Quick answers about Relay, Photon Vault, Secure Inbox, plans, File
Passes, retries, limits, and how PhotonFile separates live transfer
from persistent encrypted storage.
What is PhotonFile?
PhotonFile separates file operations. Relay
moves files live. Secure Inbox collects from
outsiders without workspace exposure. Photon Vault
keeps files encrypted for persistence. Vault Sync
maps specific Vaults to local folders. Teams
coordinate access without automatically opening every Vault.
Relay transfers always travel over encrypted connections. In
supported web-app browser flows,
client-side encryption is on by default so
only someone with your key can decrypt the file. You can turn
it off for extra browser compatibility while the Relay
connection still uses TLS. PhotonFile Desktop provides a richer
native experience for send, receive, and Vault workflows.
Vault applies client-side encryption before upload and is
designed so PhotonFile stores encrypted data rather than
plaintext vault contents.
How is PhotonFile different from a cloud drive?
PhotonFile separates file operations. Relay moves files live.
Secure Inbox collects from outsiders without workspace exposure.
Vault keeps files encrypted for persistence. Vault Sync maps
specific Vaults to local folders. Teams coordinate access
without automatically opening every Vault.
What is per-Vault sync?
Per-Vault sync means each Vault workspace or shared scope can
map to its own local desktop folder. This avoids forcing every
client, project, or team into one broad synced drive tree.
Why does PhotonFile Desktop ask to access Keychain on macOS?
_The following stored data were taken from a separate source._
(* With $\mathbb P$-probability one, the sequence of probability measures $Q_t^\omega$, $t=1,2,\dots$, on $\mathbb R^{N^2+N}$ is exponentially tight, i.e., for every $M<\infty$ there is a compact $K\subseteq\mathbb R^{N^2+N}$ with $\limsup_{t\to\infty}\frac1t\log Q_t^\omega(K^c)\le-M$.
   Context: $V=\{1,\dots,N\}$; $P$ row-stochastic irreducible aperiodic with stationary distribution $\pi>0$. $\mathcal S^t=\{s^t\in V^t:\pi_{s_1}\prod_{k<t}P_{s_ks_{k+1}}>0\}$, $C_t=|\mathcal S^t|$. $K_{ij}(s^t)=|\{1\le k\le t:s_k=i,s_{k+1}=j\}|$ with $s_{t+1}:=s_1$, $\Theta_t(s^t)=K(s^t)/t$. On $(\Omega,\mathcal F,\mathbb P)$, for each $t$ and $s^t\in\mathcal S^t$, $Z_{s^t}\in\mathbb R^t$ has i.i.d. $\mathcal N(0,1)$ entries, all these vectors (over all $s^t$, all $t$) mutually independent. $\mathcal Z^\omega_{t,i}(s^t)=\frac1t\sum_{k\le t:s_k=i}Z_{s^t,k}(\omega)$ ($0$ if the sum is empty). $Q_t^\omega(B)=\frac1{C_t}|\{s^t\in\mathcal S^t:(\Theta_t(s^t),\mathcal Z_t^\omega(s^t))\in B\}|$. *)

From HB Require Import structures.
From mathcomp Require Import all_boot all_order all_algebra.
From mathcomp Require Import all_classical all_reals all_analysis.
Set Implicit Arguments. Unset Strict Implicit. Unset Printing Implicit Defensive.
Import Order.TTheory GRing.Theory Num.Theory.
Import numFieldNormedType.Exports.
Local Open Scope classical_set_scope.
Local Open Scope ring_scope.

Definition mxpow (R : realType) (N : nat) (A : 'M[R]_N) (m : nat) : 'M[R]_N :=
  iter m (mulmx A) 1%:M.

Definition row_stochastic (R : realType) (N : nat) (P : 'M[R]_N) : Prop :=
  (forall i j, 0 <= P i j) /\ (forall i, \sum_(j < N) P i j = 1).

Definition irreducible_mx (R : realType) (N : nat) (P : 'M[R]_N) : Prop :=
  forall i j : 'I_N, exists m : nat, 0 < mxpow P m i j.

Definition aperiodic_mx (R : realType) (N : nat) (P : 'M[R]_N) : Prop :=
  forall (i : 'I_N) (d : nat), (forall m, 0 < mxpow P m i i -> (d %| m)%N) -> d = 1%N.

Definition stationary_distribution (R : realType) (N : nat) (P : 'M[R]_N)
  (pi : 'rV[R]_N) : Prop :=
  (forall i, 0 <= pi 0 i) /\ \sum_(i < N) pi 0 i = 1 /\ pi *m P = pi.

Definition admissible (R : realType) (N : nat) (P : 'M[R]_N) (pi : 'rV[R]_N)
  (s : seq 'I_N) : bool :=
  match s with
  | [::] => false
  | x :: s' => 0 < pi 0 x * \prod_(k < size s') P (nth x s k) (nth x s k.+1)
  end.

Definition Sset (R : realType) (N t : nat) (P : 'M[R]_N) (pi : 'rV[R]_N)
  : {set t.-tuple 'I_N} := [set s : t.-tuple 'I_N | admissible P pi s].

Definition Ccard (R : realType) (N t : nat) (P : 'M[R]_N) (pi : 'rV[R]_N) : nat :=
  #|Sset t P pi|.

(* K_ij(s) with cyclic convention s_{t+1} = s_1 *)
Definition Kcount (N t : nat) (s : t.-tuple 'I_N) (i j : 'I_N) : nat :=
  \sum_(k < t) ((tnth s k == i) && (tnth s (ordS k) == j)).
PhotonFile Desktop uses your operating system's secure credential store: Keychain on macOS,
Credential Manager on Windows, and Secret Service on Linux. On macOS, it reads and writes
only PhotonFile's own named Keychain entries; it does not browse or retrieve your unrelated
Keychain passwords, passkeys, or other app credentials.
Those entries can hold the app-agent secret, an opted-in persisted signed-in session, an
optional remembered Vault password, and active protected-transfer resume secrets. PhotonFile
stores references and non-secret operational state elsewhere when needed; the secret values
stay in the operating system's secure store.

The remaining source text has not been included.